CBI 2nd Round
- Conference: Missouri Valley Conference
- Record: 17–17 (8–10 MVC)
- Head coach: Gregg Marshall (2nd season);
- Assistant coaches: Earl Grant; Marty Gross; Chris Jans;
- Home arena: Charles Koch Arena capacity:10,502

= 2008–09 Wichita State Shockers men's basketball team =

American college basketball season

The 2008–09 Wichita State Shockers men's basketball team represented Wichita State University in the 2008-09 NCAA Division I men's basketball season. The team, which played in the Missouri Valley Conference (MVC), was led by second-year head coach Gregg Marshall. The Shockers opened the season with a win over Florida A&M on November 10, 2008, and ended the season with a loss to Stanford in the College Basketball Invitational. Their final record for 2008–09 was 17–17 (8–10 MVC), an improvement from their 2007–08 record of 11–20 (4–14 MVC).

== Regular season ==
The Shockers started out with mediocre level of play, but performed well against then ranked Michigan St. and Georgetown and even beat a very good Siena team in the Old Spice Classic at the end of November. On February 21, the Shockers beat a Cleveland State team with an RPI of almost a hundred better than WSU's. Then came conference play. The Shockers lost their first 6 games in Missouri Valley play, and on January 14, were in dead last in the MVC. Then came the comeback. In the more-than-century-old MVC, 49 teams had started 0–6. None won more than five games in conference play for the rest of the season.

== Post-season ==
Wichita State finished MVC play 8–10 but were not rewarded well with a 7 seed in the MVC tournament. They beat Missouri St. 59–46 in the play-in game at the Scottrade Center in St. Louis, and now had to face a hot no. 2 Creighton team. It was a game no one expected them to win. The Shockers tried to keep close in the first half, but were down by 13 at halftime. Creighton came out and made a huge run in the second half, giving them a 22-point lead and a chance to embarrass Wichita State. But the Shockers did not give up, and shut Creighton down almost the rest of the way. They came within 13 with 3:43 to play in the game and 5 with about 1 minute. The Shockers were down 61–59 with about 10 seconds left, but had the ball. Toure' Murry, who had already had two game-saving shots this season, caught the inbounds pass and quickly shot a 3-pointer, which swished through the net.
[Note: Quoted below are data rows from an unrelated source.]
(* Let $d\ge 1$ and $n\ge d+2$. Any linear automorphism ${\bf A}$ of $M_{d,n}$ is a linear automorphism of $M_{1,n}$.
   Context: Let $N=\binom n2$, coordinates of $\mathbb C^N$ indexed by edges $\{i,j\}$ of $K_n$. For a complex configuration ${\bf p}$ of $n$ points in $\mathbb C^d$, $m({\bf p})$ has coordinates $m_{ij}=\sum_{k=1}^d({\bf p}_i^k-{\bf p}_j^k)^2$ (no conjugation); $M_{d,n}\subset\mathbb C^N$ is the image of $m$ over all complex configurations in $\mathbb C^d$ (and $M_{1,n}$ the analogous image for configurations in $\mathbb C^1$). A linear automorphism of a variety $V\subset\mathbb C^N$ is a non-singular $N\times N$ complex matrix mapping $V$ bijectively onto itself. *)

From HB Require Import structures.
From mathcomp Require Import all_boot all_order all_algebra.
From mathcomp Require Import complex.
From mathcomp Require Import reals.
Set Implicit Arguments. Unset Strict Implicit. Unset Printing Implicit Defensive.
Import Order.TTheory GRing.Theory Num.Theory.
Local Open Scope ring_scope.

(* Edges {i,j} of K_n, represented as ordered pairs (i,j) with i < j. *)
Definition edge (n : nat) := {x : 'I_n * 'I_n | (x.1 < x.2)%N}.

(* N = binom n 2 = number of edges; coordinates of C^N are indexed by
   'I_(nedges n), identified with edges via enum_val / enum_rank. *)
Definition nedges (n : nat) : nat := #|{: edge n}|.

(* A complex configuration of n points in C^d: p i k = k-th coordinate of p_i. *)
Definition config (C : Type) (d n : nat) := 'I_n -> 'I_d -> C.

(* The measurement map m(p) (no conjugation), as a column vector of C^N. *)
Definition mmap (R : realType) (d n : nat) (p : config R[i] d n)
  : 'cV[R[i]]_(nedges n) :=
  \col_(e < nedges n)
     let ij := val (enum_val e) in
     \sum_(k < d) (p ij.1 k - p ij.2 k) ^+ 2.

Definition Mdn (R : realType) (d n : nat) : 'cV[R[i]]_(nedges n) -> Prop :=
  fun v => exists p : config R[i] d n, v = mmap p.

Arguments Mdn {R} d n _.

(* A linear automorphism of V: a non-singular N x N matrix mapping V
   bijectively onto V (injectivity is automatic from non-singularity). *)
Definition lin_aut (R : realType) (N : nat) (V : 'cV[R[i]]_N -> Prop)
  (A : 'M[R[i]]_N) : Prop :=
  A \in unitmx /\
  (forall v, V v -> V (A *m v)) /\
  (forall w, V w -> exists2 v, V v & A *m v = w).

(* Fix a base vertex b.  Polarising the squared distances to b gives a linear
   map X |-> gram b X into symmetric n x n matrices, and over C a symmetric
   matrix is M M^T with M of width r iff its rank is at most r; hence M_{r,n}
   is {X | rank (gram b X) <= r}.  It suffices to show that an automorphism A
   of M_{k+1,n} preserves M_{k,n} when n >= k + 3.  If X lies in M_{k,n} but
   AX does not, then gram b (AX) has rank exactly k + 1, a smooth point of the
   determinantal variety.  For Z in M_{1,n} the line X + tZ stays in M_{k+1,n},
   hence so does AX + tAZ, so gram b (AZ) is tangent there:
   u gram b (AZ) u^T = 0 for every u in the left kernel of gram b (AX).  As
   M_{1,n} spans C^N and A is invertible, Y |-> u gram b Y u^T vanishes
   identically.  Since n >= k + 3 we may take u with u_b = 0 and u_j <> 0, and
   the configuration moving only vertex j gives u_j^2 = 0. *)

From HB Require Import structures.
From mathcomp Require Import all_boot all_order all_algebra.
From mathcomp Require Import complex reals.
From mathcomp Require Import ring zify.
Set Implicit Arguments. Unset Strict Implicit. Unset Printing Implicit Defensive.
Import Order.TTheory GRing.Theory Num.Theory.
Local Open Scope ring_scope.

Lemma sym_form_neq0 (F : numDomainType) n (G : 'M[F]_n) :
  G^T = G -> G != 0 -> exists u : 'rV[F]_n, (u *m G *m u^T) 0 0 != 0.
Proof.
move=> Gsym /matrix0Pn[i [j Gij]].
have formE (k l : 'I_n) : (delta_mx 0 k : 'rV_n) *m G *m (delta_mx 0 l : 'rV_n)^T = (G k l)%:M.
  by rewrite [LHS]mx11_scalar -rowE trmx_delta -colE !mxE.
have [Gii|Gii] := eqVneq (G i i) 0; last by exists (delta_mx 0 i); rewrite formE mxE.
have [Gjj|Gjj] := eqVneq (G j j) 0; last by exists (delta_mx 0 j); rewrite formE mxE.
exists (delta_mx 0 i + delta_mx 0 j).
have Gji : G j i = G i j by rewrite -[in RHS]Gsym mxE.
rewrite linearD /= !(mulmxDl, mulmxDr) !formE !mxE eqxx !mulr1n Gii Gjj Gji add0r addr0.
by rewrite -mulr2n mulrn_eq0 negb_or.
Qed.

Lemma sym_factor (F : numClosedFieldType) n r (G : 'M[F]_n) :
  G^T = G -> (\rank G <= r)%N -> exists M : 'M[F]_(n, r), G = M *m M^T.
Proof.
elim: r G => [|r IH] G Gsym rkG.
  by exists 0; rewrite mul0mx; apply/eqP; rewrite -mxrank_eq0 -leqn0.
have [->|G0] := eqVneq G 0; first by exists 0; rewrite mul0mx.
have [u] := sym_form_neq0 Gsym G0; set c := (_ 0 0) => c0.
set g := u *m G.
pose T : 'M[F]_n := 1%:M - c^-1 *: (u^T *m g).
have GT : G *m T = G - c^-1 *: (g^T *m g).
  by rewrite mulmxBr mulmx1 -scalemxAr mulmxA /g trmx_mul Gsym.
have gT : g *m T = 0.
  have gu : g *m u^T = c%:M by rewrite [LHS]mx11_scalar.
  by rewrite mulmxBr mulmx1 -scalemxAr mulmxA gu mul_scalar_mx scalerA mulVf // scale1r subrr.
have rkGT : (\rank (G *m T) <= r)%N.
  have g0 : g != 0 by apply: contraNneq c0; rewrite /c -/g => ->; rewrite mul0mx mxE.
  have gGT : (g <= G :&: kermx T)%MS by rewrite sub_capmx submxMl; apply/sub_kermxP.
  rewrite -ltnS; apply: leq_trans rkG; rewrite -(mxrank_mul_ker G T) -addn1 leq_add2l.
  by apply: leq_trans (mxrankS gGT); rewrite lt0n mxrank_eq0.
have GTsym : (G *m T)^T = G *m T by rewrite GT linearB /= linearZ /= trmx_mul trmxK Gsym.
have [M' GTM'] := IH (G *m T) GTsym rkGT.
exists (row_mx (sqrtC c^-1 *: g^T) M').
rewrite -[r.+1]/(1 + r)%N tr_row_mx mul_row_col -GTM' GT linearZ /= trmxK.
by rewrite -scalemxAr -scalemxAl scalerA -expr2 sqrtCK addrC subrK.
Qed.

Lemma poly_nz_roots_eq0 (F : numDomainType) (p : {poly F}) :
  (forall t, t != 0 -> p.[t] = 0) -> p = 0.
Proof.
move=> p0; apply: (@roots_geq_poly_eq0 _ p (mkseq (fun k => k.+1%:R) (size p))).
- by apply/allP => _ /mapP[k _ ->]; apply/rootP/p0; rewrite pnatr_eq0.
- by apply: mkseq_uniq => k l /eqP; rewrite eqr_nat eqSS => /eqP.
- by rewrite size_mkseq.
Qed.

Lemma left_kernel_coord0 (F : fieldType) n (G : 'M[F]_n) (b : 'I_n) :
  ((\rank G).+2 <= n)%N ->
  exists (u : 'rV[F]_n) j, [/\ u *m G = 0, u 0 b = 0 & u 0 j != 0].
Proof.
move=> rkG; set K := row_mx G (delta_mx b 0 : 'cV[F]_n).
have rkK : (\rank K < n)%N.
  have -> : K = row_mx G 0 + row_mx 0 (delta_mx b 0) by rewrite add_row_mx addr0 add0r.
  apply: leq_ltn_trans (mxrank_add _ _) _.
  by rewrite rank_row_mx0 rank_row_0mx; have := rank_leq_col (delta_mx b 0 : 'cV[F]_n); lia.
have : kermx K != 0 by rewrite -mxrank_eq0 mxrank_ker; lia.
case/matrix0Pn => i [j kij]; exists (row i (kermx K)), j.
have /eqP := congr1 (row i) (mulmx_ker K).
rewrite row_mul row0 mul_mx_row row_mx_eq0 => /andP[/eqP uG /eqP ub].
split=> //; last by rewrite mxE.
by move: ub; rewrite -colE => /colP/(_ 0); rewrite !mxE.
Qed.

(* At a point [G] of rank [r] (witnessed by [B G D = 1]), a line [G + t H] of
   matrices of rank [<= r] has its direction [H] in the tangent space
   [{H | u H v = 0 whenever u G = 0 = G v}]. *)
Lemma rank_pencil_tangent (F : numFieldType) n r (G H : 'M[F]_n)
    (B : 'M[F]_(r, n)) (D : 'M[F]_(n, r)) (u : 'rV[F]_n) (v : 'cV[F]_n) :
  B *m G *m D = 1%:M -> u *m G = 0 -> G *m v = 0 ->
  (forall t, t != 0 -> (\rank (G + t *: H)%R <= r)%N) -> u *m H *m v = 0.
Proof.
move=> BGD uG Gv rkGH.
pose N t : 'M[F]_(1 + r) := block_mx (u *m H *m v) (u *m H *m D)
  (t *: (B *m H *m v)) (1%:M + t *: (B *m H *m D)).
have NE t : col_mx u B *m (G + t *: H) *m row_mx v D = block_mx t%:M 0 0 1%:M *m N t.
  rewrite mul_col_mx mul_col_row mulmx_block !mulmxDr !mulmxDl -!scalemxAr -!scalemxAl.
  by rewrite uG -mulmxA Gv BGD !mul0mx !mulmx0 !mul1mx !add0r !mul_scalar_mx !scaler0 !addr0.
have detN t : t != 0 -> \det (N t) = 0.
  move=> t0; have /eqP : \det (block_mx t%:M 0 0 1%:M *m N t) = 0.
    rewrite -NE; apply/eqP; rewrite -[_ == 0]negbK -unitfE -unitmxE -row_free_unit.
    apply/negP => /eqP full; apply/negP: (rkGH t t0); rewrite -ltnNge -add1n -{1}full.
    apply: leq_trans (mxrankM_maxl _ _) _; exact: mxrankM_maxr.
  by rewrite det_mulmx det_ublock det_scalar det1 expr1 mulr1 mulf_eq0 (negbTE t0) => /eqP.
(* [\det (N t)] is a polynomial in [t] *)
pose Np : 'M[{poly F}]_(1 + r) := block_mx (map_mx polyC (u *m H *m v))
  (map_mx polyC (u *m H *m D)) ('X *: map_mx polyC (B *m H *m v))
  (1%:M + 'X *: map_mx polyC (B *m H *m D)).
have NpE t : (\det Np).[t] = \det (N t).
  have polyCK m p (M : 'M[F]_(m, p)) : map_mx (horner_eval t) (map_mx polyC M) = M.
    by apply/matrixP => i j; rewrite !mxE horner_evalE hornerC.
  rewrite -horner_evalE -det_map_mx /Np map_block_mx map_mxD map_mx1 !map_mxZ.
  by rewrite !polyCK -[_ 'X]/('X.[t]) hornerX.
have /(congr1 (horner^~ 0)) := poly_nz_roots_eq0 (fun t t0 => etrans (NpE t) (detN t t0)).
rewrite NpE horner0 /N !scale0r addr0 det_ublock det1 mulr1 det_mx11 => uHv.
by apply/matrixP => i j; rewrite !ord1 uHv mxE.
Qed.

Section EdgeCoordinates.
Variables (F : numFieldType) (n : nat).
Implicit Types (X Y : 'cV[F]_(nedges n)) (i j : 'I_n).

Definition edge_coord X i j : F :=
  \sum_(e | val (enum_val e) \in [:: (i, j); (j, i)]) X e 0.

Lemma edge_coordC X i j : edge_coord X i j = edge_coord X j i.
Proof. by apply: eq_bigl => e; rewrite !inE orbC. Qed.

Lemma edge_coord_diag X i : edge_coord X i i = 0.
Proof.
rewrite /edge_coord big_pred0 // => e; rewrite !inE orbb.
by case: (enum_val e) => -[x y] /= xy; apply/eqP => -[ex ey]; rewrite ex ey ltnn in xy.
Qed.

Lemma edge_coordE X e : edge_coord X (val (enum_val e)).1 (val (enum_val e)).2 = X e 0.
Proof.
rewrite /edge_coord (big_pred1 e) // => e'.
rewrite /= -(inj_eq enum_val_inj) -(inj_eq val_inj) !inE.
case: (enum_val e') => -[x' y'] /= xy'; case: (enum_val e) => -[x y] /= xy.
case: eqP => //= _; apply/eqP => -[ex ey]; move: xy'; rewrite ex ey.
by rewrite ltnNge ltnW.
Qed.

Lemma edge_coordP t X Y i j :
  edge_coord (t *: X + Y) i j = t * edge_coord X i j + edge_coord Y i j.
Proof. by rewrite /edge_coord mulr_sumr -big_split; apply: eq_bigr => e _; rewrite !mxE. Qed.

(* The Gram matrix of the configuration translated so that vertex [b] is at
   the origin, recovered from the squared distances by polarisation. *)
Definition gram (b : 'I_n) X : 'M[F]_n :=
  \matrix_(i, j) (2^-1 * (edge_coord X b i + edge_coord X b j - edge_coord X i j)).

Fact gram_is_linear b : linear (gram b).
Proof.
by move=> t X Y; apply/matrixP => i j; rewrite !mxE !edge_coordP; ring.
Qed.

HB.instance Definition _ b := GRing.isLinear.Build F _ _ _ (gram b) (gram_is_linear b).

Lemma gram_sym b X : (gram b X)^T = gram b X.
Proof. by apply/matrixP => i j; rewrite !mxE (edge_coordC X j i) [edge_coord X b j + _]addrC. Qed.

Lemma edge_coord_gram b X i j :
  edge_coord X i j = gram b X i i + gram b X j j - 2 * gram b X i j.
Proof. by rewrite !mxE !edge_coord_diag; field. Qed.

End EdgeCoordinates.

Section Realization.
Variable R : realType.

Lemma edge_coord_mmap d n (p : config R[i] d n) (i j : 'I_n) :
  edge_coord (mmap p) i j = \sum_(k < d) (p i k - p j k) ^+ 2.
Proof.
wlog ij : i j / (i < j)%N.
  move=> lt; case: (ltngtP i j) => [/lt //|/lt|/val_inj ->].
    by rewrite edge_coordC => ->; apply: eq_bigr => k _; rewrite -sqrrN opprB.
  by rewrite edge_coord_diag big1 // => k _; rewrite subrr expr0n.
pose e := enum_rank (exist (fun x : 'I_n * 'I_n => (x.1 < x.2)%N) (i, j) ij : edge n).
by have := edge_coordE (mmap p) e; rewrite enum_rankK /= => ->; rewrite mxE enum_rankK.
Qed.

Definition diff_mx d n (p : config R[i] d n) (b : 'I_n) : 'M[R[i]]_(n, d) :=
  \matrix_(i, k) (p i k - p b k).

Lemma gram_mmap d n (p : config R[i] d n) b :
  gram b (mmap p) = diff_mx p b *m (diff_mx p b)^T.
Proof.
apply/matrixP => i j; rewrite !mxE !edge_coord_mmap -big_split /= -sumrB mulr_sumr.
by apply: eq_bigr => k _; rewrite !mxE; field.
Qed.

Lemma Mdn_gram r n (b : 'I_n) (X : 'cV[R[i]]_(nedges n)) :
  Mdn r n X <-> exists M : 'M[R[i]]_(n, r), gram b X = M *m M^T.
Proof.
split=> [[p ->]|[M XM]]; first by exists (diff_mx p b); rewrite gram_mmap.
exists (fun i k => M i k); apply/colP => e.
rewrite -edge_coordE (edge_coord_gram b) XM !mxE /= -big_split /= mulr_sumr -sumrB.
by apply: eq_bigr => k _; rewrite !mxE; ring.
Qed.

Lemma Mdn_rank r n (b : 'I_n) (X : 'cV[R[i]]_(nedges n)) :
  Mdn r n X <-> (\rank (gram b X) <= r)%N.
Proof.
rewrite (Mdn_gram r b); split=> [[M ->]|/(sym_factor (gram_sym b X))[M ->]].
  exact: leq_trans (mxrankM_maxl _ _) (rank_leq_col M).
by exists M.
Qed.

Lemma Mdn_full r n (Y : 'cV[R[i]]_(nedges n)) : (n <= r)%N -> Mdn r n Y.
Proof.
case: n Y => [|n] Y nr; last exact/(Mdn_rank _ ord0)/(leq_trans (rank_leq_col _) nr).
by exists (fun _ _ => 0); apply/colP => e; case: (enum_val e) => -[[]].
Qed.

Lemma Mdn_add1 k n (X Z : 'cV[R[i]]_(nedges n)) t :
  Mdn k n X -> Mdn 1 n Z -> Mdn k.+1 n (X + t *: Z).
Proof.
case: n X Z => [|n] X Z; first by move=> _ _; apply: Mdn_full.
rewrite !(Mdn_rank _ ord0) linearD linearZ /= => rX rZ.
apply: leq_trans (mxrank_add _ _) _; rewrite -(addn1 k) leq_add //.
exact: leq_trans (mxrank_scale _ _) rZ.
Qed.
The Shockers had come back from 22 down to take the lead. With 9 seconds left, Creighton inbounded the ball and brought it all the way down, but shot a wild jumper that missed. A Shocker tried to grab the rebound but lost it out of bounds. Creighton had 1.8 seconds to take the lead. Booker Woodfox half-fumbled the inbounds pass, but threw up a 17-footer which swished right through. The Bluejays had escaped.

The Shockers were given a chance to bounce back from the heartbreak with a spot in the College Basketball Invitational, one of the NCAA's minor post-season tournaments made for improving teams. In the first round of the single-elimination tournament, Wichita State beat Buffalo by a score of 84–73. The Shockers season was then ended on March 23 with a 70–56 loss to Stanford in the second round of the CBI.

== Schedule ==

Missouri Valley Conference Standing: T-9th
| Date | Opponent* | Rank* | Location | Time^{#} | Result | Overall | Conference |
Exhibition Games
| November 10, 2008 | Emporia State |  | Wichita, KS | ?:?? p.m. | W 71–58 | 1–0 | 0–0 |
Regular Season Games
| November 16, 2008 | Florida A&M |  | Wichita, KS | ?:?? p.m. | W 77–53 | 1–0 | 0–0 |
| February 21, 2009 | ESPNU Bracketbusters |  | TBD | TBD |  | 0–0 | 0–0 |
Missouri Valley Conference tournament
| March 5–8, 2009 | TBD |  | St. Louis, MO | TBA | TBD | 0–0 | 0–0 |
*Rank according to ESPN/USA Today Coaches Poll. ^{#}All times are in CST. Conference games in BOLD.